Try it: Report every line below that holds the word "number".

Excerpted data:
- - -

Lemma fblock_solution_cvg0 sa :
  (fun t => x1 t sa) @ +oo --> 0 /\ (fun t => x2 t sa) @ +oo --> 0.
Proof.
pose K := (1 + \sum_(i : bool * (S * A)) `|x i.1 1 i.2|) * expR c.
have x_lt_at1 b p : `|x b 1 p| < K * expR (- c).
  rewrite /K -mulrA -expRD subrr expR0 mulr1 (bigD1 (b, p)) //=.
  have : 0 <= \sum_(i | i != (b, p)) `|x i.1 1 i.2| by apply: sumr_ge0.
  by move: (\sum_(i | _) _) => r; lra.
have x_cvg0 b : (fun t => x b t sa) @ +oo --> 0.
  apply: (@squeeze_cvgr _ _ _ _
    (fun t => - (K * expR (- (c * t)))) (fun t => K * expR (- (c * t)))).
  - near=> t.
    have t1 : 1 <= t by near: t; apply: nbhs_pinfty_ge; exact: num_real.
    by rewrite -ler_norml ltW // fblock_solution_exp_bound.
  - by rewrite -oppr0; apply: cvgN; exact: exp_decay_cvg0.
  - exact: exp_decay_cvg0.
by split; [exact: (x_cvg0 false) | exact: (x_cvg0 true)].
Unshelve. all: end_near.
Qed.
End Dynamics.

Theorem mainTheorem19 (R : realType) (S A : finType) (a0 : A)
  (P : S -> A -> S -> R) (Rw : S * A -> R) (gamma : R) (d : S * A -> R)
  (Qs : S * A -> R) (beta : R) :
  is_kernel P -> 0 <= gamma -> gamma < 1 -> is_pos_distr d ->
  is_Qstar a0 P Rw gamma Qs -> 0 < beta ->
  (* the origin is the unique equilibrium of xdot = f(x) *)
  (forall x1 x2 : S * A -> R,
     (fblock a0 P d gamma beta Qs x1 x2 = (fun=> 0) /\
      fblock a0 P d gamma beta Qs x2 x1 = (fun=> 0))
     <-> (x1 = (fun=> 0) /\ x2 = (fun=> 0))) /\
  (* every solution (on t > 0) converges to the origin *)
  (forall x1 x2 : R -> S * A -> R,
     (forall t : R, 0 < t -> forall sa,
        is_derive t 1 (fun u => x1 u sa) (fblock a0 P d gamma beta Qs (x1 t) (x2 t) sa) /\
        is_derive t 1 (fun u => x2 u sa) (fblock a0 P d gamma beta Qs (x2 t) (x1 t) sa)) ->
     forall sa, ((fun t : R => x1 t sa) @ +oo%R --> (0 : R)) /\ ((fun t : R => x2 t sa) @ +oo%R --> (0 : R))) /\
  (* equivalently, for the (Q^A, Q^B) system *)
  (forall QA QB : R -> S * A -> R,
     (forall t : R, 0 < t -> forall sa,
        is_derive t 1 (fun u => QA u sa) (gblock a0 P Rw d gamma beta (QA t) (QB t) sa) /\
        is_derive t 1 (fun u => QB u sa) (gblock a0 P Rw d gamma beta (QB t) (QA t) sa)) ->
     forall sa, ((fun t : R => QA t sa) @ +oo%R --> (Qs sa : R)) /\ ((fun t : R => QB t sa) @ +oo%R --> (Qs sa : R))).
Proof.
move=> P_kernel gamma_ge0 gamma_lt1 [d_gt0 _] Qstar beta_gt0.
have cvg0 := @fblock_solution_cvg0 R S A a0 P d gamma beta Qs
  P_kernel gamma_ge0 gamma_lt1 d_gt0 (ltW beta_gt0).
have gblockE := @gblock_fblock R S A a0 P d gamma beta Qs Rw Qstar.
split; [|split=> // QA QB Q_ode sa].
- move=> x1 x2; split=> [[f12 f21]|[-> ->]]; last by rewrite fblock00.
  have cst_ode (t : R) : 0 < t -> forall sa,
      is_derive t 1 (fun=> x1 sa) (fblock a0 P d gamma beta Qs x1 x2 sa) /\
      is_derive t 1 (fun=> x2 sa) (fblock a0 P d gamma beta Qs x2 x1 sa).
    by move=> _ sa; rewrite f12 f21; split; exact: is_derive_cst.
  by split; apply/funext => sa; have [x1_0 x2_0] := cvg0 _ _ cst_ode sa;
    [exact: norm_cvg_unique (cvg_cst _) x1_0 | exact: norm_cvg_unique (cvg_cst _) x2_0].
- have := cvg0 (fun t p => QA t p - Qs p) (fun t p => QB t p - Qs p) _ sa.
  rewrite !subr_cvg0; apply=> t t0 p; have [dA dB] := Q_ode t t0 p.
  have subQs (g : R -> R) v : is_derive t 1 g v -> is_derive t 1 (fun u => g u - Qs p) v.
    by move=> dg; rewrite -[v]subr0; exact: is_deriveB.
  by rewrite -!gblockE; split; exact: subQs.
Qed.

- - -

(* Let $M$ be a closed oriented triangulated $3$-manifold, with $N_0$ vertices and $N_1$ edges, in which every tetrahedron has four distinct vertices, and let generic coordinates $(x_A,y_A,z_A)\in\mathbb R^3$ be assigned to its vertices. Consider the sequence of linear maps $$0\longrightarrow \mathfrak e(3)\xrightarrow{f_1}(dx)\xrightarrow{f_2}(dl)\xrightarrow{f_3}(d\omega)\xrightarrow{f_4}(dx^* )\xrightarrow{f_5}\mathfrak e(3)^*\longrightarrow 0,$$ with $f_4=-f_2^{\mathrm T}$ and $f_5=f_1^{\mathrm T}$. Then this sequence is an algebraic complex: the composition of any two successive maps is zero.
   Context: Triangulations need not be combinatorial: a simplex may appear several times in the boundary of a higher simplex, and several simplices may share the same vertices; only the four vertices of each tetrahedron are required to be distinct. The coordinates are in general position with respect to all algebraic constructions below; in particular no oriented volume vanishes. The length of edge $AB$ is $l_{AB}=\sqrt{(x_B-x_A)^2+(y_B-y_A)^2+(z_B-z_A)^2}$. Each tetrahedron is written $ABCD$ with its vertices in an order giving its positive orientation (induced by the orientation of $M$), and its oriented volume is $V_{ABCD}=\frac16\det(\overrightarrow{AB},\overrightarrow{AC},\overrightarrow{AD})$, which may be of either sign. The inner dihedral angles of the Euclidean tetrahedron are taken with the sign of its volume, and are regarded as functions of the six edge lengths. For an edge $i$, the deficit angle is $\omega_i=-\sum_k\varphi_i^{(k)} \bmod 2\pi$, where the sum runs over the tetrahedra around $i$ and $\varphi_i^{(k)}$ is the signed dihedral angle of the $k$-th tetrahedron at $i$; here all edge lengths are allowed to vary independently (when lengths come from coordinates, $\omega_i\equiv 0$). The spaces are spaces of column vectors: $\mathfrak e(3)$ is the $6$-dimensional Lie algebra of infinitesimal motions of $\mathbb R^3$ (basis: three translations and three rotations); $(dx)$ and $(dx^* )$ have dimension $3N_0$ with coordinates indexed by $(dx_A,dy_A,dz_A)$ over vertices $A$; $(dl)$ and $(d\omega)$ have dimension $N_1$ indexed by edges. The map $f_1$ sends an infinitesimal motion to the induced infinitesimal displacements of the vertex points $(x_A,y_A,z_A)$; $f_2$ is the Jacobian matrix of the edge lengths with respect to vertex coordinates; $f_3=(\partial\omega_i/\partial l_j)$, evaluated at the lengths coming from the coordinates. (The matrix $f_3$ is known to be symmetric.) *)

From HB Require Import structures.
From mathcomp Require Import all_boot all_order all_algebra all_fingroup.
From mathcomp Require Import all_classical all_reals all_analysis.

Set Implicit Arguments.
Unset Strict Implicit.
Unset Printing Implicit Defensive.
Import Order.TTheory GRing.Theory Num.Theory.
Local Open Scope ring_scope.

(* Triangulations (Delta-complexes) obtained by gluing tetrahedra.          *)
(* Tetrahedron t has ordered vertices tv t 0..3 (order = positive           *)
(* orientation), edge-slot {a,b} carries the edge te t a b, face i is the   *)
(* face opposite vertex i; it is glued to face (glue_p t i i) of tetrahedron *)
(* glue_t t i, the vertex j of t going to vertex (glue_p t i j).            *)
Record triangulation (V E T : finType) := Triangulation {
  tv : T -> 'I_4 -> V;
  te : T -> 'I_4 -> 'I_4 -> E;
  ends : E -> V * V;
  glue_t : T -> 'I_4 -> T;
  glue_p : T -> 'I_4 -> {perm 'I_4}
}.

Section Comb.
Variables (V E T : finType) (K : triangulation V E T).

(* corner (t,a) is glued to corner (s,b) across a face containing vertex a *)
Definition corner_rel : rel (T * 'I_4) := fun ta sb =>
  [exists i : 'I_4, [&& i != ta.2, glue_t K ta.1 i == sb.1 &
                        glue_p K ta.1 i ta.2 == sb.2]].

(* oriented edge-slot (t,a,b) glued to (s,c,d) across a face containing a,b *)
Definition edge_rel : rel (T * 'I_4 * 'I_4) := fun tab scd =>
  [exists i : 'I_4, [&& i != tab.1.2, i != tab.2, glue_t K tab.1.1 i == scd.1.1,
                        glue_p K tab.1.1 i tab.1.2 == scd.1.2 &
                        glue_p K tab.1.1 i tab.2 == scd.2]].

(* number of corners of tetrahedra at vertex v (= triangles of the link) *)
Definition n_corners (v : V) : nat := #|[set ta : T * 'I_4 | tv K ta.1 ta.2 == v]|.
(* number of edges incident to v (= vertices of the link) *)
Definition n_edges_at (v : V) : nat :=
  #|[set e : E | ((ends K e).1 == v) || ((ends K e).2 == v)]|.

- - -

Reply to the task:
(* number of corners of tetrahedra at vertex v (= triangles of the link) *)
(* number of edges incident to v (= vertices of the link) *)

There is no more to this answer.